Yeah, now that I've been reading more and more I'm starting to doubt my husbandry and I'm going to need make some changes

Here is what I have so far with reasonings.
* 55gal. Tank. w/ Mesh cover - its what I had.

* UTH that covers 1/3 of the tank.

* 1 - 100watt infrared bulb

* 1 - 60 watt infrared bulb - both close to the same area for basking and gradient heat.

* 2 - hides, warm and cold side unfortunately not identical since I just read that was important. I have seen her use both though. She is in the cooler side a lot more though (more on this soon)

* 1 - large rock looking water dish - to let it soak if it wants and to waist space. Half placed over UTH area half not.

*2 - large grape vine chunks to provide rub and take up area

* indoor/outdoor soft fine carpet for substrate, cut into three pieces for semi-quick swapping with a new clean piece when soiled. I plan on reusing soiled pieces have soaking and cleaning. I have no problem switching to aspen or whatever the other is called. I prefer a dark substrate though.

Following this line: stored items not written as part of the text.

(* Let $H_1$ and $H_2$ be atomic hypergraphs with $\mathcal A(H_1)$ and $\mathcal A(H_2)$ of ranks $r_1$ and $r_2$, and let $k$ be an integer with $-1\le k\le \min(r_1,r_2)-1$. If the set of faces of rank $k$ of $\mathcal A(H_1)$ equals the set of faces of rank $k$ of $\mathcal A(H_2)$, then $\mathcal A(H_1)=\mathcal A(H_2)$.
   Context: A hypergraph is a finite set $H$ of nonempty subsets of some finite set; its carrier is $\bigcup H$. For a family $F$ and set $Y$, $F_Y=\{X\in F\mid X\subseteq Y\}$. A hypergraph partition of $H$ is a partition $\{H_1,\dots,H_n\}$ ($n\ge0$) of the set $H$ with $\{\bigcup H_1,\dots,\bigcup H_n\}$ a partition of $\bigcup H$; $H$ is connected if it has exactly one hypergraph partition; the finest hypergraph partition is the unique one whose blocks are connected; the sets $\bigcup H_i$ for its blocks are the connected components of the carrier, and their number $n$ is the connectedness number. $H$ is atomic if $\{x\}\in H$ for all $x\in\bigcup H$. Constructions of an atomic $H$, by induction on $|\bigcup H|$: (0) $\emptyset$ is the only construction of $\emptyset$; (1) if $|\bigcup H|\ge1$, $H$ connected, $x\in\bigcup H$, $K$ a construction of $H_{\bigcup H\setminus\{x\}}$, then $K\cup\{\bigcup H\}$ is a construction of $H$; (2) if $H$ is not connected with finest hypergraph partition $\{H_1,\dots,H_n\}$, $n\ge2$, and $K_i$ is a construction of $H_i$, then $K_1\cup\dots\cup K_n$ is a construction of $H$. A construct of $H$ is a subset of a construction of $H$ containing every connected component of $\bigcup H$. $H$ is saturated if $X_1,X_2\in H$, $X_1\cap X_2\ne\emptyset$ imply $X_1\cup X_2\in H$. $Y\subseteq\bigcup H$ is dispensable in $H$ if $H_Y\setminus\{Y\}$ is a connected hypergraph with carrier $Y$; hypergraphs on the same carrier are cognate if related by the equivalence relation generated by $H\sim H\cup\{Y\}$ for $Y$ dispensable in $H$; the saturated closure $\bar H$ is the unique saturated hypergraph cognate to $H$. The poset $\mathcal A(H)$ has as elements all constructs of $H$ together with $\bar H^*=\bar H\cup\{*\}$ ($*$ a fixed new element not in any carrier), ordered by $C_1\le C_2$ iff $C_2\subseteq C_1$. Its rank is $r=|\bigcup H|-n$; for $0\le k\le r$ the faces of rank $k$ are the constructs of cardinality $|\bigcup H|-k$, and $\bar H^*$ is the unique face of rank $-1$. *)

From HB Require Import structures.
From Stdlib Require Import Relations.
From mathcomp Require Import all_boot all_order all_algebra.
Set Implicit Arguments. Unset Strict Implicit. Unset Printing Implicit Defensive.
Import Order.TTheory GRing.Theory Num.Theory.

Section Hyp.
Variable T : finType.
Implicit Types (H G B : {set {set T}}) (X Y : {set T}).

Definition hypergraph H : bool := set0 \notin H.

Definition carrier H : {set T} := \bigcup_(X in H) X.

Definition restrict H Y : {set {set T}} := [set X in H | X \subset Y].

Definition hpartition H (P : {set {set {set T}}}) : bool :=
  partition P H &&
  [forall B1 in P, forall B2 in P,
     (B1 != B2) ==> [disjoint carrier B1 & carrier B2]].

Definition connected H : bool :=
  #|[set P : {set {set {set T}}} | hpartition H P]| == 1.

Definition finest H (P : {set {set {set T}}}) : bool :=
  hpartition H P && [forall B in P, connected B].

Definition conn_number H : nat :=
  if [pick P | finest H P] is Some P then #|P| else 0.

Definition atomic H : Prop := forall x, x \in carrier H -> [set x] \in H.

* I have learned that I have poor temp reading tools. I have a dial therm on the warm side an inch and a half above the floor and a sticky on the cool side half ways up the tank. The dial is reading 90 on the warm side and the worthless sticky is reading either 78 or 82 on the cool side. I'm heading up to wal-mart to get a digital shortly! I think she stays on the cool side because the warm side might be to warm!

* No humidity reading! Don't hurt me! Said tool from wal-mart will read that. The store owner side I wouldn't have to worry if I included a wet-hide. Which I haven't added yet When I do though, what do you guys suggest? I still plan on reading tank humidity, I just want to provide a wet-hide as well.

* 2 - long fake leafy vines that inside the tank along the side and front.

One last question, when should I go about making these changes (sticking my hands in to apply probes and whatnot) since she new here? I don't want her to get even more stressed then they probably is!